(* Let $B$ be a finite one-generator skew brace and $x\in B$ such that $B=B(x)$. Then the orbit $X$ of $x$ under the subgroup of $\mathrm{Sym}(B)$ generated by $\{\sigma_a,\delta_a: a\in B\}$ is a transitive cycle base of $B$.
   Context: A skew brace is a triple $(B,+,\circ)$ where $(B,+)$ and $(B,\circ)$ are groups and $a\circ(b+c)=a\circ b-a+a\circ c$; $a^-$ is the inverse in $(B,\circ)$. Put $\lambda_a(b):=-a+a\circ b$, $\delta_a(b):=a\circ b-a$, $\sigma_a:=\lambda_{a^-}$ (so the group generated by $\{\sigma_a,\delta_a\}$ equals that generated by $\{\lambda_a,\delta_a\}$). $B(x)$ is the smallest subset containing $x$ that is a subgroup of both $(B,+)$ and $(B,\circ)$; $B$ is one-generator if $B=B(x)$ for some $x$. A transitive cycle base of $B$ is a subset that is a single orbit of the group generated by $\{\lambda_a,\delta_a:a\in B\}$ and generates $(B,+)$. *)

From mathcomp Require Import all_boot all_fingroup.
Set Implicit Arguments. Unset Strict Implicit. Unset Printing Implicit Defensive.

Record skew_brace (B : Type) := SkewBrace {
  sb_add : B -> B -> B;
  sb_opp : B -> B;
  sb_zero : B;
  sb_circ : B -> B -> B;
  sb_cinv : B -> B;
  sb_one : B;
  sb_addA : associative sb_add;
  sb_add0l : left_id sb_zero sb_add;
  sb_add0r : right_id sb_zero sb_add;
  sb_addNl : forall a, sb_add (sb_opp a) a = sb_zero;
  sb_addNr : forall a, sb_add a (sb_opp a) = sb_zero;
  sb_circA : associative sb_circ;
  sb_circ1l : left_id sb_one sb_circ;
  sb_circ1r : right_id sb_one sb_circ;
  sb_circVl : forall a, sb_circ (sb_cinv a) a = sb_one;
  sb_circVr : forall a, sb_circ a (sb_cinv a) = sb_one;
  sb_brace : forall a b c,
    sb_circ a (sb_add b c) = sb_add (sb_add (sb_circ a b) (sb_opp a)) (sb_circ a c)
}.

Section SkewBraceDefs.
Variables (B : finType) (S : skew_brace B).
Local Notation "a + b" := (sb_add S a b).
Local Notation "- a" := (sb_opp S a).
Local Notation "a \circ b" := (sb_circ S a b) (at level 40).

Definition sb_lambda (a : B) (b : B) : B := - a + (a \circ b).
Definition sb_delta (a : B) (b : B) : B := (a \circ b) + - a.

Lemma sb_addKl a b : - a + (a + b) = b.
Proof. by rewrite (sb_addA S) (sb_addNl S) (sb_add0l S). Qed.

Lemma sb_addKr a b : (b + - a) + a = b.
Proof. by rewrite -(sb_addA S) (sb_addNl S) (sb_add0r S). Qed.

Lemma sb_circKl a b : (sb_cinv S a) \circ (a \circ b) = b.
Proof. by rewrite (sb_circA S) (sb_circVl S) (sb_circ1l S). Qed.

Lemma sb_lambda_inj a : injective (sb_lambda a).
Proof.
move=> b c /(congr1 (sb_add S a)); rewrite /sb_lambda (sb_addA S) (sb_addNr S) (sb_add0l S).
rewrite (sb_addA S) (sb_addNr S) (sb_add0l S).
by move/(congr1 (sb_circ S (sb_cinv S a))); rewrite !sb_circKl.
Qed.

Lemma sb_delta_inj a : injective (sb_delta a).
Proof.
move=> b c /(congr1 (fun y => y + a)); rewrite /sb_delta !sb_addKr.
by move/(congr1 (sb_circ S (sb_cinv S a))); rewrite !sb_circKl.
Qed.

Definition lambda_perm (a : B) : {perm B} := perm (@sb_lambda_inj a).
Definition delta_perm (a : B) : {perm B} := perm (@sb_delta_inj a).
Definition sigma_perm (a : B) : {perm B} := lambda_perm (sb_cinv S a).

Definition lambda_delta_set : {set {perm B}} :=
  [set lambda_perm a | a : B] :|: [set delta_perm a | a : B].
Definition sigma_delta_set : {set {perm B}} :=
  [set sigma_perm a | a : B] :|: [set delta_perm a | a : B].

Definition add_subgroup (Y : {set B}) : bool :=
  [&& sb_zero S \in Y,
      [forall a in Y, forall b in Y, a + b \in Y] &
      [forall a in Y, - a \in Y]].
Definition circ_subgroup (Y : {set B}) : bool :=
  [&& sb_one S \in Y,
      [forall a in Y, forall b in Y, a \circ b \in Y] &
      [forall a in Y, sb_cinv S a \in Y]].

Definition sub_brace_gen (x : B) : {set B} :=
  \bigcap_(Y : {set B} | (x \in Y) && add_subgroup Y && circ_subgroup Y) Y.

Definition add_span (X : {set B}) : {set B} :=
  \bigcap_(Y : {set B} | (X \subset Y) && add_subgroup Y) Y.

Definition transitive_cycle_base (X : {set B}) : Prop :=
  (exists y : B, X = orbit 'P <<lambda_delta_set>> y) /\ add_span X = [set: B].

End SkewBraceDefs.

From mathcomp Require Import all_boot all_fingroup.

Set Implicit Arguments. Unset Strict Implicit. Unset Printing Implicit Defensive.

(* Let A be the additive span of the orbit X.  Each lambda_c is an additive
   automorphism permuting X, so A is lambda-invariant.  An additive subgroup
   that is lambda-invariant is also a subgroup of (B,o), because
   a o b = a + lambda_a(b) and a^- = -lambda_{a^-}(a).  Hence A is a sub skew
   brace containing x, so A contains B(x) = B.  Since sigma_a = lambda_{a^-},
   the orbit X is also an orbit of <lambda_a, delta_a>. *)

Section SkewBraceLemmas.
Variables (B : finType) (S : skew_brace B).
Local Notation "a + b" := (sb_add S a b).
Local Notation "- a" := (sb_opp S a).
Local Notation "a \circ b" := (sb_circ S a b) (at level 40).
Local Notation "0" := (sb_zero S).
Local Notation lambda := (sb_lambda S).

Lemma sb_oppK a : - - a = a.
Proof.
by rewrite -[RHS](sb_add0l S) -(sb_addNl S (- a)) -(sb_addA S) (sb_addNl S) (sb_add0r S).
Qed.

Lemma sb_circ0r a : a \circ 0 = a.
Proof.
have := sb_brace S a 0 0; rewrite (sb_add0l S).
move/(congr1 (fun y => - (a \circ 0) + y)).
rewrite (sb_addNl S) -!(sb_addA S) (sb_addA S (- _)) (sb_addNl S) (sb_add0l S).
move/(congr1 (fun y => a + y)).
by rewrite (sb_add0r S) (sb_addA S) (sb_addNr S) (sb_add0l S).
Qed.

Lemma sb_one_zero : sb_one S = 0.
Proof. by rewrite -(sb_circ0r (sb_one S)) (sb_circ1l S). Qed.

Lemma sb_cinvK a : sb_cinv S (sb_cinv S a) = a.
Proof.
rewrite -[LHS](sb_circ1r S) -(sb_circVl S a) (sb_circA S).
by rewrite (sb_circVl S (sb_cinv S a)) (sb_circ1l S).
Qed.

Lemma lambdaD c b d : lambda c (b + d) = lambda c b + lambda c d.
Proof. by rewrite /sb_lambda (sb_brace S) !(sb_addA S). Qed.

Lemma lambda0 c : lambda c 0 = 0.
Proof. by rewrite /sb_lambda sb_circ0r (sb_addNl S). Qed.

Lemma lambdaN c b : lambda c (- b) = - lambda c b.
Proof.
have := lambdaD c (- b) b; rewrite (sb_addNl S) lambda0.
move/(congr1 (fun y => y + - lambda c b)).
by rewrite (sb_add0l S) -(sb_addA S) (sb_addNr S) (sb_add0r S).
Qed.

Lemma sb_circE a b : a \circ b = a + lambda a b.
Proof. by rewrite /sb_lambda (sb_addA S) (sb_addNr S) (sb_add0l S). Qed.

Lemma sb_cinvE a : sb_cinv S a = - lambda (sb_cinv S a) a.
Proof. by rewrite /sb_lambda (sb_circVl S) sb_one_zero (sb_add0r S) sb_oppK. Qed.

Lemma add_subgroupP (Y : {set B}) :
  reflect [/\ 0 \in Y, {in Y &, forall a b, a + b \in Y}
            & {in Y, forall a, - a \in Y}]
          (add_subgroup S Y).
Proof.
apply: (iffP and3P) => [[Y0 /'forall_implyP YD /'forall_implyP YN]|[Y0 YD YN]].
  by split=> // a b /YD /'forall_implyP; apply.
split=> //; apply/'forall_implyP => a Ya; last exact: YN.
by apply/'forall_implyP => b; apply: YD.
Qed.

Lemma circ_subgroupP (Y : {set B}) :
  reflect [/\ sb_one S \in Y, {in Y &, forall a b, a \circ b \in Y}
            & {in Y, forall a, sb_cinv S a \in Y}]
          (circ_subgroup S Y).
Proof.
apply: (iffP and3P) => [[Y1 /'forall_implyP YM /'forall_implyP YV]|[Y1 YM YV]].
  by split=> // a b /YM /'forall_implyP; apply.
split=> //; apply/'forall_implyP => a Ya; last exact: YV.
by apply/'forall_implyP => b; apply: YM.
Qed.

Lemma add_subgroup_preim (f : B -> B) (Y : {set B}) :
  f 0 = 0 -> {morph f : a b / a + b} -> {morph f : a / - a} ->
  add_subgroup S Y -> add_subgroup S (f @^-1: Y).
Proof.
move=> f0 fD fN /add_subgroupP[Y0 YD YN]; apply/add_subgroupP.
split=> [|a b|a]; rewrite !inE ?f0 ?fD ?fN //; [exact: YD | exact: YN].
Qed.

Lemma add_span_sub (X : {set B}) : X \subset add_span S X.
Proof. by apply/subsetP => y Xy; apply/bigcapP => Y /andP[/subsetP->]. Qed.

Lemma add_span_min (X Y : {set B}) :
  X \subset Y -> add_subgroup S Y -> add_span S X \subset Y.
Proof. by move=> sXY addY; apply: bigcap_inf; rewrite sXY. Qed.

Lemma add_subgroup_span (X : {set B}) : add_subgroup S (add_span S X).
Proof.
apply/add_subgroupP; split=> [|a b|a].
- by apply/bigcapP => Y /andP[_ /add_subgroupP[]].
- move=> /bigcapP Ya /bigcapP Yb; apply/bigcapP => Y SY.
  by have /andP[_ /add_subgroupP[_ YD _]] := SY; apply: YD; [apply: Ya | apply: Yb].
- move=> /bigcapP Ya; apply/bigcapP => Y SY.
  by have /andP[_ /add_subgroupP[_ _ YN]] := SY; apply: YN; apply: Ya.
Qed.

Lemma sub_brace_gen_min (x : B) (Y : {set B}) :
  x \in Y -> add_subgroup S Y -> circ_subgroup S Y -> sub_brace_gen S x \subset Y.
Proof. by move=> Yx addY circY; apply: bigcap_inf; rewrite Yx addY circY. Qed.

Definition lambda_stable (Y : {set B}) := forall c, {in Y, forall y, lambda c y \in Y}.

Lemma lambda_stable_add_span (X : {set B}) :
  lambda_stable X -> lambda_stable (add_span S X).
Proof.
move=> stX c y Ay.
suff /subsetP/(_ y Ay) : add_span S X \subset lambda c @^-1: add_span S X by rewrite inE.
apply: add_span_min; last by apply: add_subgroup_preim;
  [exact: lambda0 | exact: lambdaD | exact: lambdaN | exact: add_subgroup_span].
by apply/subsetP => z Xz; rewrite inE (subsetP (add_span_sub X)) ?stX.
Qed.

Lemma lambda_stable_circ_subgroup (Y : {set B}) :
  add_subgroup S Y -> lambda_stable Y -> circ_subgroup S Y.
Proof.
move=> /add_subgroupP[Y0 YD YN] stY; apply/circ_subgroupP.
split=> [|a b Ya Yb|a Ya]; first by rewrite sb_one_zero.
  by rewrite sb_circE YD ?stY.
by rewrite sb_cinvE YN ?stY.
Qed.

Lemma sigma_delta_setE : sigma_delta_set S = lambda_delta_set S.
Proof.
congr (_ :|: _); apply/setP => p.
apply/imsetP/imsetP => [[a _ ->]|[a _ ->]]; first by exists (sb_cinv S a).
by exists (sb_cinv S a); rewrite // /sigma_perm sb_cinvK.
Qed.

Lemma lambda_stable_orbit (x : B) :
  lambda_stable (orbit 'P <<lambda_delta_set S>> x).
Proof.
move=> c y Xy; have -> : lambda c y = aperm y (lambda_perm S c) by rewrite /aperm permE.
rewrite orbit_actr // mem_gen // inE; apply/orP; left; exact: imset_f.
Qed.

End SkewBraceLemmas.

Theorem mainTheorem19 (B : finType) (S : skew_brace B) (x : B) :
  sub_brace_gen S x = [set: B] ->
  transitive_cycle_base S (orbit 'P <<sigma_delta_set S>> x).
Proof.
rewrite sigma_delta_setE => genB; split; first by exists x.
set X := orbit _ _ x.
have spanX : add_subgroup S (add_span S X) := add_subgroup_span S X.
have stX : lambda_stable S (add_span S X).
  by apply: lambda_stable_add_span; apply: lambda_stable_orbit.
apply/eqP; rewrite eqEsubset subsetT -genB sub_brace_gen_min //.
  by rewrite (subsetP (add_span_sub S X)) ?orbit_refl.
exact: lambda_stable_circ_subgroup.
Qed.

§ **YOUR OBJECTIVE**
Considering only the material above, set down every line from the one with "End SkewBraceDefs." to the one with "Lemma sb_cinvE a", inclusive, exactly as written.

§ **WRITTEN RESPONSE**
End SkewBraceDefs.

From mathcomp Require Import all_boot all_fingroup.

Set Implicit Arguments. Unset Strict Implicit. Unset Printing Implicit Defensive.

(* Let A be the additive span of the orbit X.  Each lambda_c is an additive
   automorphism permuting X, so A is lambda-invariant.  An additive subgroup
   that is lambda-invariant is also a subgroup of (B,o), because
   a o b = a + lambda_a(b) and a^- = -lambda_{a^-}(a).  Hence A is a sub skew
   brace containing x, so A contains B(x) = B.  Since sigma_a = lambda_{a^-},
   the orbit X is also an orbit of <lambda_a, delta_a>. *)

Section SkewBraceLemmas.
Variables (B : finType) (S : skew_brace B).
Local Notation "a + b" := (sb_add S a b).
Local Notation "- a" := (sb_opp S a).
Local Notation "a \circ b" := (sb_circ S a b) (at level 40).
Local Notation "0" := (sb_zero S).
Local Notation lambda := (sb_lambda S).

Lemma sb_oppK a : - - a = a.
Proof.
by rewrite -[RHS](sb_add0l S) -(sb_addNl S (- a)) -(sb_addA S) (sb_addNl S) (sb_add0r S).
Qed.

Lemma sb_circ0r a : a \circ 0 = a.
Proof.
have := sb_brace S a 0 0; rewrite (sb_add0l S).
move/(congr1 (fun y => - (a \circ 0) + y)).
rewrite (sb_addNl S) -!(sb_addA S) (sb_addA S (- _)) (sb_addNl S) (sb_add0l S).
move/(congr1 (fun y => a + y)).
by rewrite (sb_add0r S) (sb_addA S) (sb_addNr S) (sb_add0l S).
Qed.

Lemma sb_one_zero : sb_one S = 0.
Proof. by rewrite -(sb_circ0r (sb_one S)) (sb_circ1l S). Qed.

Lemma sb_cinvK a : sb_cinv S (sb_cinv S a) = a.
Proof.
rewrite -[LHS](sb_circ1r S) -(sb_circVl S a) (sb_circA S).
by rewrite (sb_circVl S (sb_cinv S a)) (sb_circ1l S).
Qed.

Lemma lambdaD c b d : lambda c (b + d) = lambda c b + lambda c d.
Proof. by rewrite /sb_lambda (sb_brace S) !(sb_addA S). Qed.

Lemma lambda0 c : lambda c 0 = 0.
Proof. by rewrite /sb_lambda sb_circ0r (sb_addNl S). Qed.

Lemma lambdaN c b : lambda c (- b) = - lambda c b.
Proof.
have := lambdaD c (- b) b; rewrite (sb_addNl S) lambda0.
move/(congr1 (fun y => y + - lambda c b)).
by rewrite (sb_add0l S) -(sb_addA S) (sb_addNr S) (sb_add0r S).
Qed.

Lemma sb_circE a b : a \circ b = a + lambda a b.
Proof. by rewrite /sb_lambda (sb_addA S) (sb_addNr S) (sb_add0l S). Qed.

Lemma sb_cinvE a : sb_cinv S a = - lambda (sb_cinv S a) a.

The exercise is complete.